Transfer function 10 [s(s ;

w=, knowing the slope of a point, write the equation of the middle segment of the straight line, and find wc;

According to the transfer function, wc to find the phase angle margin...

1. Feedback control, also known as deviation control, is carried out by the difference between the input quantity and the feedback quantity.

2. The closed-loop control system is also known as the feedback control system.

3. The main mathematical models used in classical control theory are differential equations, transfer functions, structural block diagrams and signal flow diagrams.

4. The automatic control system can be divided into constant value control system, follow-up control system and program control system according to the change law of input.

5. The basic requirements for the automatic control system can be summarized into three aspects, namely: stability, rapidity and accuracy.

6. The mathematical model of the control system depends on the system structure and parameters, and has nothing to do with the external action and initial conditions.

7. The two transfer functions are the links of g1 (s) and g2 (s) respectively, which are connected in parallel mode, and their equivalent transfer functions are g1 (s) + g2 (s), and connected in series mode, and their equivalent transfer functions are g1 (s) * g2 (s).

8. The forward channel transfer function of the system is g(s), and the transfer function of its positive feedback is h(s), then its closed-loop transfer function is g(s) (1- g(s)h(s)).

9. If the forward channel transfer function of the unit negative feedback system is g(s), then the closed-loop transfer function is g(s) (1+ g(s)).

10. In a typical second-order system, =, the system is said to be in the best state of the second-order project, and the overshoot is .

11. The Rouse criterion is used to judge the stability of the system, and the data in the first column of the Rouse table are all positive, then the system is stable.

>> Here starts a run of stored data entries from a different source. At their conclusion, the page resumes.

Lemma norm2_le_abs x : norm2 x <= Rabs (fst x) + Rabs (snd x).
Proof.
  destruct x as [u v]; unfold norm2, ip; simpl.
  pose proof (Rabs_pos u); pose proof (Rabs_pos v).
  assert (Rabs u * Rabs u = u * u) by (rewrite <- Rabs_mult; apply Rabs_right; nra).
  assert (Rabs v * Rabs v = v * v) by (rewrite <- Rabs_mult; apply Rabs_right; nra).
  rewrite <- (sqrt_Rsqr (Rabs u + Rabs v)) by lra.
  apply sqrt_le_1_alt; unfold Rsqr; nra.
Qed.

Lemma Un_cv_0_of_geometric_bound (a : nat -> R) (C q : R) (K : nat) : 0 <= q < 1 ->
  (forall n, (K <= n)%nat -> 0 <= a n <= C * q ^ (n - K)) -> Un_cv a 0.
Proof.
  intros hq ha eps heps.
  assert (hC : 0 < Rabs C + 1) by (pose proof (Rabs_pos C); lra).
  destruct (pow_lt_1_zero q ltac:(rewrite Rabs_right; lra) (eps / (Rabs C + 1)))
    as [N hN]; [apply Rdiv_lt_0_compat; lra|].
  exists (N + K)%nat; intros n hn; unfold R_dist; rewrite Rminus_0_r.
  destruct (ha n ltac:(lia)) as [ha0 haC].
  specialize (hN (n - K)%nat ltac:(lia)).
  rewrite Rabs_right in hN by (apply Rle_ge, pow_le; lra).
  assert (hqn : 0 <= q ^ (n - K)) by (apply pow_le; lra).
  assert (C <= Rabs C + 1) by (pose proof (Rle_abs C); lra).
  assert (C * q ^ (n - K) <= (Rabs C + 1) * q ^ (n - K)) by (apply Rmult_le_compat_r; lra).
  assert ((Rabs C + 1) * q ^ (n - K) < (Rabs C + 1) * (eps / (Rabs C + 1)))
    by (apply Rmult_lt_compat_l; lra).
  rewrite Rabs_right by lra.
  replace eps with ((Rabs C + 1) * (eps / (Rabs C + 1))) by (field; lra).
  lra.
Qed.

Lemma T_low g x : g * fst x + snd x <= -(1/2) ->
  T_map g x = (fst x + 1, fst x + snd x + 1).
Proof.
  intros h; unfold T_map, A_map, ip; simpl.
  rewrite Rmult_1_l; destruct (Rle_dec _ _); [reflexivity | lra].
Qed.

Lemma T_mid g x : -(1/2) < g * fst x + snd x < 1/2 -> T_map g x = A_map x.
Proof.
  intros h; unfold T_map, ip; simpl; rewrite Rmult_1_l.
  destruct (Rle_dec _ _); [lra|].
  destruct (Rlt_dec _ _) as [|habs]; [reflexivity|].
  exfalso; apply habs, Rabs_def1; lra.
Qed.

Lemma T_high g x : 1/2 <= g * fst x + snd x ->
  T_map g x = (fst x - 1, fst x + snd x - 1).
Proof.
  intros h; unfold T_map, A_map, ip; simpl; rewrite Rmult_1_l.
  destruct (Rle_dec _ _); [lra|].
  destruct (Rlt_dec _ _) as [habs|]; [|reflexivity].
  rewrite Rabs_right in habs; lra.
Qed.

(* S is not forward invariant: M maps the edge g u + v = 1/2 of S^- to abscissae below -1. *)
Definition Sminus_strict (g : R) (x : R * R) : Prop :=
  let '(u, v) := x in -(1/2 + g) <= g * u + v < 1/2 /\ -1 <= u < 0.

Definition Sinv (g : R) (x : R * R) : Prop := Splus g x \/ Sminus_strict g x.

Definition lift (x : R * R) : R * R :=
  if Rle_dec 0 (fst x) then x else (fst x + 1, snd x + 1).

Lemma lift_nonneg u v : 0 <= u -> lift (u, v) = (u, v).
Proof. intros hu; unfold lift; simpl; destruct (Rle_dec 0 u); [reflexivity | lra]. Qed.

Lemma lift_neg u v : u < 0 -> lift (u, v) = (u + 1, v + 1).
Proof. intros hu; unfold lift; simpl; destruct (Rle_dec 0 u); [lra | reflexivity]. Qed.

Lemma Splus_fst_nonneg g x : Splus g x -> 0 <= fst x.
Proof. destruct x as [u v]; intros [_ hu]; simpl; lra. Qed.

Section Dynamics.
Variables g r : R.
Hypothesis hg : 1 <= g.
Hypothesis hr : 0 <= r < 1.

Lemma M_nonneg_low u v : 0 <= u -> r * (g * u + v) <= -(1/2) ->
  M_map g r (u, v) = (r * u + 1, r * u + r * v + 1).
Proof.
  intros hu h; unfold M_map; simpl.
  destruct (Rle_dec 0 u); [|lra]. rewrite T_low; simpl; [reflexivity | nra].
Qed.

Lemma M_nonneg_mid u v : 0 <= u -> -(1/2) < r * (g * u + v) < 1/2 ->
  M_map g r (u, v) = (r * u, r * u + r * v).
Proof.
  intros hu h; unfold M_map; simpl.
  destruct (Rle_dec 0 u); [|lra]. rewrite T_mid; simpl; [reflexivity | nra].
Qed.

Lemma M_nonneg_high u v : 0 <= u -> 1/2 <= r * (g * u + v) ->
  M_map g r (u, v) = (r * u - 1, r * u + r * v - 1).
Proof.
  intros hu h; unfold M_map; simpl.
  destruct (Rle_dec 0 u); [|lra]. rewrite T_high; simpl; [reflexivity | nra].
Qed.

Lemma M_neg_low u v : u < 0 -> g * u + v <= -(1/2) -> M_map g r (u, v) = (u + 1, u + v + 1).
Proof.
  intros hu h; unfold M_map; simpl.
  destruct (Rle_dec 0 u); [lra|]. now rewrite T_low.
Qed.

Lemma M_neg_mid u v : u < 0 -> -(1/2) < g * u + v < 1/2 -> M_map g r (u, v) = (u, u + v).
Proof.
  intros hu h; unfold M_map; simpl.
  destruct (Rle_dec 0 u); [lra|]. now rewrite T_mid.
Qed.

Lemma M_neg_high u v : u < 0 -> 1/2 <= g * u + v -> M_map g r (u, v) = (u - 1, u + v - 1).
Proof.
  intros hu h; unfold M_map; simpl.
  destruct (Rle_dec 0 u); [lra|]. now rewrite T_high.
Qed.

Lemma lift_M_Splus u v : Splus g (u, v) -> lift (M_map g r (u, v)) = (r * u, r * u + r * v).
Proof.
  intros [hs hu]; destruct (Rlt_dec (r * (g * u + v)) (1/2)).
  - rewrite M_nonneg_mid by nra; apply lift_nonneg; nra.
  - rewrite M_nonneg_high, lift_neg by nra; f_equal; ring.
Qed.

Lemma lift_M_Sminus u v : Sminus_strict g (u, v) -> lift (M_map g r (u, v)) = (u + 1, u + v + 1).
Proof.
  intros [hs hu]; destruct (Rle_dec (g * u + v) (-(1/2))).
  - rewrite M_neg_low, lift_nonneg by lra; reflexivity.
  - rewrite M_neg_mid, lift_neg by lra; reflexivity.
Qed.

Lemma M_Splus_to_Splus u v : Splus g (u, v) -> r * (g * u + v) < 1/2 -> Splus g (M_map g r (u, v)).
Proof. intros [hs hu] h; rewrite M_nonneg_mid by nra; simpl; nra. Qed.

Lemma M_Splus_to_Sminus u v : Splus g (u, v) -> 1/2 <= r * (g * u + v) ->
  Sminus_strict g (M_map g r (u, v)).
Proof. intros [hs hu] h; rewrite M_nonneg_high by nra; simpl; nra. Qed.

Lemma Sinv_M x : Sinv g x -> Sinv g (M_map g r x).
Proof.
  destruct x as [u v]; intros [hx | [hs hu]].
  - destruct (Rlt_dec (r * (g * u + v)) (1/2)).
    + left; apply M_Splus_to_Splus; auto.
    + right; apply M_Splus_to_Sminus; auto; lra.
  - destruct (Rle_dec (g * u + v) (-(1/2))).
    + left; rewrite M_neg_low by lra; simpl; lra.
    + right; rewrite M_neg_mid by lra; simpl; lra.
Qed.

Definition reaches (P : R * R -> Prop) (x : R * R) : Prop :=
  exists k, P (iter_M g r k x).

Lemma reaches_now (P : R * R -> Prop) x : P x -> reaches P x.
Proof. now exists 0%nat. Qed.
(* Let $\mathcal{H}_o=(V,\vec H,\bm{w})$ be a strongly connected weighted oriented hypergraph with $|V|\ge2$, and let $w_{\max}=\max_{h\in\vec H}w_h$. (i) If $h=(A_h,B_h)\in\vec H$ is such that the limit $\kappa(h)=\lim_{\alpha\to1^-}\kappa_\alpha(h)/(1-\alpha)$ exists in $\mathbb{R}$ and $\kappa(h)>0$, then $L(h)\le\frac{2w_{\max}}{\kappa(h)}$. (ii) If there is a constant $\kappa>0$ such that $\kappa(u,v)\ge\kappa$ for every hyperedge $h\in\vec H$ and all $u\in A_h$, $v\in B_h$, then $$\mathrm{diam}(\mathcal{H}_o)\le\frac{2w_{\max}}{\kappa}.$$
   Context: A weighted oriented hypergraph $(V,\vec H,\bm w)$ has a finite vertex set $V$, a finite set $\vec H$ of hyperedges, each an ordered pair $h=(A_h,B_h)$ of nonempty subsets of $V$ with $A_h\cap B_h=\emptyset$, such that for every $h\in\vec H$ its reversal $h^-=(B_h,A_h)$ also belongs to $\vec H$, and positive weights with $w_h=w_{h^-}$. A directed path from $u$ to $v$ is a sequence of hyperedges $h_1,\dots,h_l$ with $u\in A_{h_1}$, $v\in B_{h_l}$, $B_{h_j}\cap A_{h_{j+1}}\ne\emptyset$; strongly connected means such a path exists for all distinct $u,v$. $d(u,v)=\inf_\gamma\sum_{h\in\gamma}w_h$ over directed paths from $u$ to $v$ ($u\ne v$), $d(u,u)=0$; $\mathrm{diam}(\mathcal{H}_o)=\max_{u,v}d(u,v)$; $L(h)=\min_{x\in A_h,y\in B_h}d(x,y)$. $\Gamma^{in}(v)=\{z:\exists h'\text{ with }v\in B_{h'},z\in A_{h'}\}$, $\Gamma^{out}(v)=\{z:\exists h'\text{ with }v\in A_{h'},z\in B_{h'}\}$, and $\Gamma(v)=\Gamma^{out}(v)$. Hyperedge measures, for $A_h=\{x_1,\dots,x_n\}$, $B_h=\{y_1,\dots,y_m\}$, $\alpha\in[0,1]$: $\mu^\alpha_{A_h}=\sum_i\mu^\alpha_{x_i}$ with $\mu^\alpha_{x_i}(x_i)=\alpha/n$, $\mu^\alpha_{x_i}(z)=(1-\alpha)\sum_{h':x_i\in B_{h'},z\in A_{h'}}\frac{1}{n|A_{h'}|}\frac{w_{h'}}{\sum_{h'':x_i\in B_{h''}}w_{h''}}$ for $z\in\Gamma^{in}(x_i)$, $0$ otherwise; $\mu^\alpha_{B_h}=\sum_j\mu^\alpha_{y_j}$ with $\mu^\alpha_{y_j}(y_j)=\alpha/m$, $\mu^\alpha_{y_j}(z)=(1-\alpha)\sum_{h':y_j\in A_{h'},z\in B_{h'}}\frac{1}{m|B_{h'}|}\frac{w_{h'}}{\sum_{h'':y_j\in A_{h''}}w_{h''}}$ for $z\in\Gamma^{out}(y_j)$, $0$ otherwise; $\kappa_\alpha(h)=1-W(\mu^\alpha_{A_h},\mu^\alpha_{B_h})/L(h)$. Vertex measures: $\mu^\alpha_{u^{in}}(u)=\alpha$, $\mu^\alpha_{u^{in}}(z)=(1-\alpha)\sum_{h':u\in B_{h'},z\in A_{h'}}\frac{1}{|A_{h'}|}\frac{w_{h'}}{\sum_{h'':u\in B_{h''}}w_{h''}}$ for $z\in\Gamma(u)$, $0$ otherwise; $\mu^\alpha_{v^{out}}(v)=\alpha$, $\mu^\alpha_{v^{out}}(z)=(1-\alpha)\sum_{h':v\in A_{h'},z\in B_{h'}}\frac{1}{|B_{h'}|}\frac{w_{h'}}{\sum_{h'':v\in A_{h''}}w_{h''}}$ for $z\in\Gamma(v)$, $0$ otherwise. $W(\mu,\nu)=\inf_\pi\sum_{x,y}\pi(x,y)d(x,y)$ over couplings $\pi$ of $\mu,\nu$. For distinct $u,v$: $\kappa_\alpha(u,v)=1-W(\mu^\alpha_{u^{in}},\mu^\alpha_{v^{out}})/d(u,v)$ and $\kappa(u,v)=\lim_{\alpha\to1^-}\kappa_\alpha(u,v)/(1-\alpha)$ (this limit exists in $\mathbb{R}$). *)

From HB Require Import structures.
From mathcomp Require Import all_boot all_order all_algebra.
From mathcomp Require Import all_classical all_reals all_analysis.
Set Implicit Arguments. Unset Strict Implicit. Unset Printing Implicit Defensive.
Import Order.TTheory GRing.Theory Num.Theory.
Local Open Scope classical_set_scope.
Local Open Scope ring_scope.

Section WOH.
Variables (R : realType) (V : finType).

Definition hedge := ({set V} * {set V})%type.

Variables (H : {set hedge}) (w : hedge -> R).

Definition is_woh : Prop :=
  forall h, h \in H ->
    [/\ h.1 != finset.set0, h.2 != finset.set0, h.1 :&: h.2 == finset.set0 &
        [/\ (h.2, h.1) \in H, 0 < w h & w (h.2, h.1) = w h]].

Definition link (h1 h2 : hedge) : bool := h1.2 :&: h2.1 != finset.set0.

Definition is_dpath (u v : V) (p : seq hedge) : bool :=
  if p is h0 :: t then
    [&& all (fun h => h \in H) p, u \in h0.1, v \in (last h0 t).2 & path link h0 t]
  else false.

Definition strongly_connected : Prop :=
  forall u v : V, u != v -> exists p, is_dpath u v p.

Definition dist (u v : V) : R :=
  if u == v then 0 else
  inf [set x : R | exists p, is_dpath u v p /\ x = \sum_(h <- p) w h].

Definition diam : R := \big[Num.max/0]_(uv : V * V) dist uv.1 uv.2.

Definition wmax : R := \big[Num.max/0]_(h in H) w h.

Definition Lh (h : hedge) : R :=
  inf [set r : R | exists x y, x \in h.1 /\ y \in h.2 /\ r = dist x y].

Definition Gamma_in (v : V) : {set V} :=
  [set z | [exists h in H, (v \in h.2) && (z \in h.1)]].
Definition Gamma_out (v : V) : {set V} :=
  [set z | [exists h in H, (v \in h.1) && (z \in h.2)]].
Lemma decode_correct v :
  (forall u, adj v u -> max_degree adj <= #|[set s : 'I_L | owner_of v s == Some (id u)]|) ->
  output adj id inp proto (L * block_len) v =1 inbox adj id m v.
Proof.
move=> owned x; rewrite output_decode // /decode.
have [/existsP[u /andP[vu /eqP<-]] | no_nb] := boolP [exists u, adj v u && (id u == x)].
- rewrite outbox_id // inbox_id //; have won_some := served_within vu (owned u vu).
  set s := find _ _; have lt_sL : s < L by rewrite -[L in _ < L](size_iota 0 L) -has_find.
  have /andP[/eqP own_v surv_v] : won (id v) (inp v) (heard v) s (id u).
    by have := nth_find 0 won_some; rewrite nth_iota.
  have not_served : ~~ served (id v) (inp v) (heard v) s (id u).
    apply/hasP => -[s' /[!mem_iota] /andP[_ lt_s's] won_s'].
    by have := before_find 0 lt_s's; rewrite nth_iota ?won_s' // (ltn_trans lt_s's).
  have [_ _ in_u _] := owner_someP own_v.
  have uv : adj u v by rewrite adj_sym.
  by rewrite lt_sL (received_reply in_u uv _ surv_v) // /contends own_v.
- have -> : inp v x = None by apply/eqP; rewrite -[_ == _]negbK outbox_neq_None.
  rewrite inbox_None // => w vw; apply: contraNneq no_nb => <-.
  by apply/existsP; exists w; rewrite vw eqxx.
Qed.

Lemma owned_blocks_gt v u (q : nat) :
  (forall x, x < 2 ^ W -> q <= #|[set s : 'I_L | inS x s]|) ->
  (forall x y, x < 2 ^ W -> y < 2 ^ W -> x != y ->
     #|[set s : 'I_L | inS x s && inS y s]| < W) ->
  max_degree adj * W < q -> adj v u ->
  max_degree adj < #|[set s : 'I_L | owner_of v s == Some (id u)]|.
Proof.
move=> card_S meet_S lt_q vu.
set D := max_degree adj; set Owned := [set s : 'I_L | _].
pose Q := (v |: [set w | adj v w]) :\ u.
pose meet w := [set s : 'I_L | inS (id u) s && inS (id w) s].
have neq_vu : v != u by apply: contraTneq vu => ->; rewrite adj_irr.
have cover : [set s : 'I_L | inS (id u) s] \subset Owned :|: \bigcup_(w in Q) meet w.
  apply/subsetP => s; rewrite !inE => in_u.
  have [in_v | out_v] := boolP (inS (id v) s).
    by apply/orP; right; apply/bigcupP; exists v; rewrite !inE ?eqxx ?neq_vu ?in_u.
  have [/existsP[w /and3P[vw neq_wu in_w]] | alone] :=
    boolP [exists w, [&& adj v w, w != u & inS (id w) s]].
    by apply/orP; right; apply/bigcupP; exists w; rewrite !inE ?vw ?neq_wu ?orbT ?in_u.
  apply/orP; left; rewrite (owner_unique_sender out_v vu in_u) // => w vw in_w.
  by apply/eqP; apply: contraNT alone => neq_wu; apply/existsP; exists w; rewrite vw neq_wu.
have card_meet w : w \in Q -> #|meet w| <= W.-1.
  rewrite -ltnS prednK // => /setD1P[neq_wu _]; apply: meet_S; rewrite ?id_lt //.
  by apply: contra neq_wu => /eqP/id_inj->.
have le_q : q <= #|Owned| + D * W.-1.
  apply: leq_trans (card_S _ (id_lt u)) _; apply: leq_trans (subset_leq_card cover) _.
  apply: leq_trans (leq_card_setU _ _) _; rewrite leq_add2l.
  apply: leq_trans (card_bigcup_le _ _) _; apply: leq_trans (leq_sum _ card_meet) _.
  by rewrite sum_nat_const leq_mul2r card_closed_nbhdD1 // degree_le_max orbT.
have : D * W.-1 + D = D * W by rewrite -mulnSr prednK.
lia.
Qed.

12. The sufficient and necessary condition for the stability of linear systems is that the real part of the root of all closed-loop eigenequations is negative, that is, they are all distributed in the left plane of the s-plane.

13. The steady-state error of the follow-up system is mainly higher than that of the given signal, and the steady-state error of the constant-value system is mainly higher than that of the disturbance signal.

14. For systems with steady-state errors, the systematic error will become zero in the series proportional integration link in the forward channel.

15. The steady-state error of the system is divided into two types: given steady-state error and disturbance steady-state error.

16. For a system with steady-state error, the steady-state error will decrease if the system gain is increased.

17. For a typical second-order system, the greater the inertial time constant t, the worse the rapidity of the system.

18. Using the frequency domain analysis method, the larger the traversal frequency, the smaller the corresponding time domain index TS, that is, the better the rapidity.

19. The minimum phase system refers to the open-loop pole and open-loop zero point of the system that do not exist in the right half plane of the s.

20. According to the different positions of the calibration device in the system, the system calibration can be divided into four types: series calibration, feedback correction, compensation correction and compound correction.

21. For linear systems, the larger the phase margin, the better the relative stability of the system.